What the task asks:
Return, word for word, only the lines of the data below that lie between the line with "(RCat r1 r2)" and the line with "- by exists a; rewrite ?mem_head.", those two lines included.

Saved data entries
Fixpoint matches (k : nat) (r : regex k) (w : seq 'I_k) : Prop :=
  match r with
  | REps => w = [::]
  | RLet a => w = [:: a]
  | RUnion r1 r2 => matches r1 w \/ matches r2 w
  | RCat r1 r2 => exists u v, w = u ++ v /\ matches r1 u /\ matches r2 v
  end.

Fixpoint rpn (k : nat) (r : regex k) : nat :=
  match r with
  | REps => 1
  | RLet _ => 1
  | RUnion r1 r2 => (rpn r1 + rpn r2).+1
  | RCat r1 r2 => (rpn r1 + rpn r2).+1
  end.

Definition rpn_bound (f k n w : nat) : R :=
  (INR (f * k * n * w) * Rpower (INR w) (ln (INR n) / ln 2))%R.

From mathcomp Require Import all_boot zify.
From Stdlib Require Import Reals Lra.
(* Reals rebinds [^] on nat to [Nat.pow]; this restores [expn]. *)
Import ssrnat.

(* Divide and conquer on path length.  Words of length l from p to q are
   described by splitting every run at its midpoint: the state s reached after
   l/2 letters lies in one fixed layer, which has at most omega states, so
   E(l, p, q) = U_s E(l/2, p, s) E(l - l/2, s, q) with at most omega terms.
   Unfolding the recursion 1 + log n times multiplies the size by (2 omega)
   at each level, which gives the bound k n omega * omega^(log n) for each
   final state. *)

Section OptionRegex.
Variable k : nat.

(* [None] stands for the empty language, which has no regular expression. *)
Definition omatches (x : option (regex k)) (w : seq 'I_k) : Prop :=
  if x is Some r then matches r w else False.

Definition osize (x : option (regex k)) : nat :=
  if x is Some r then rpn r else 0.

Definition ounion (x y : option (regex k)) : option (regex k) :=
  match x, y with
  | None, _ => y
  | _, None => x
  | Some r1, Some r2 => Some (RUnion r1 r2)
  end.

Definition ocat (x y : option (regex k)) : option (regex k) :=
  match x, y with
  | Some r1, Some r2 => Some (RCat r1 r2)
  | _, _ => None
  end.

Definition big_ounion {T : Type} (s : seq T) (g : T -> option (regex k)) :=
  foldr (fun t acc => ounion (g t) acc) None s.

Lemma ounionP x y w : omatches (ounion x y) w <-> omatches x w \/ omatches y w.
Proof. by case: x => [r1|]; case: y => [r2|] /=; tauto. Qed.

Lemma ocatP x y w :
  omatches (ocat x y) w <->
  exists u v, w = u ++ v /\ omatches x u /\ omatches y v.
Proof.
case: x => [r1|]; case: y => [r2|] //=; split=> //; by case=> u [v] [_] [].
Qed.

Lemma osize_ounion x y : osize (ounion x y) <= osize x + osize y + 1.
Proof. by case: x => [r1|]; case: y => [r2|] /=; lia. Qed.

Lemma osize_ocat x y : osize (ocat x y) <= osize x + osize y + 1.
Proof. by case: x => [r1|]; case: y => [r2|] /=; lia. Qed.

Lemma big_ounionP (T : eqType) (s : seq T) g w :
  omatches (big_ounion s g) w <-> exists2 t, t \in s & omatches (g t) w.
Proof.
elim: s => [|a s IH] /=; first by split=> // [[]].
rewrite ounionP IH; split=> [[gaw|[t ts gtw]]|[t]].
- by exists a; rewrite ?mem_head.
- by exists t; rewrite // in_cons ts orbT.
- by rewrite in_cons => /orP[/eqP-> | ts gtw]; [left | right; exists t].
Qed.

Lemma osize_big_ounion (T : eqType) (s : seq T) g M :
  (forall t, t \in s -> osize (g t) <= M) ->
  osize (big_ounion s g) <= size s * M.+1.
Proof.
elim: s => [|a s IH] //= gM.
have := osize_ounion (g a) (big_ounion s g).
have := gM a (mem_head _ _).
have : osize (big_ounion s g) <= size s * M.+1.
  by apply: IH => t ts; apply: gM; rewrite in_cons ts orbT.
by rewrite mulSn; lia.
Qed.

End OptionRegex.

Arguments omatches {k}.
Arguments osize {k}.
Arguments ocat {k}.
Arguments osize_ocat {k}.
Arguments big_ounion {k T}.
Arguments osize_big_ounion {k T s g M}.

Answer space:
  | Some r1, Some r2 => Some (RCat r1 r2)
  | _, _ => None
  end.

Definition big_ounion {T : Type} (s : seq T) (g : T -> option (regex k)) :=
  foldr (fun t acc => ounion (g t) acc) None s.

Lemma ounionP x y w : omatches (ounion x y) w <-> omatches x w \/ omatches y w.
Proof. by case: x => [r1|]; case: y => [r2|] /=; tauto. Qed.

Lemma ocatP x y w :
  omatches (ocat x y) w <->
  exists u v, w = u ++ v /\ omatches x u /\ omatches y v.
Proof.
case: x => [r1|]; case: y => [r2|] //=; split=> //; by case=> u [v] [_] [].
Qed.

Lemma osize_ounion x y : osize (ounion x y) <= osize x + osize y + 1.
Proof. by case: x => [r1|]; case: y => [r2|] /=; lia. Qed.

Lemma osize_ocat x y : osize (ocat x y) <= osize x + osize y + 1.
Proof. by case: x => [r1|]; case: y => [r2|] /=; lia. Qed.

Lemma big_ounionP (T : eqType) (s : seq T) g w :
  omatches (big_ounion s g) w <-> exists2 t, t \in s & omatches (g t) w.
Proof.
elim: s => [|a s IH] /=; first by split=> // [[]].
rewrite ounionP IH; split=> [[gaw|[t ts gtw]]|[t]].
- by exists a; rewrite ?mem_head.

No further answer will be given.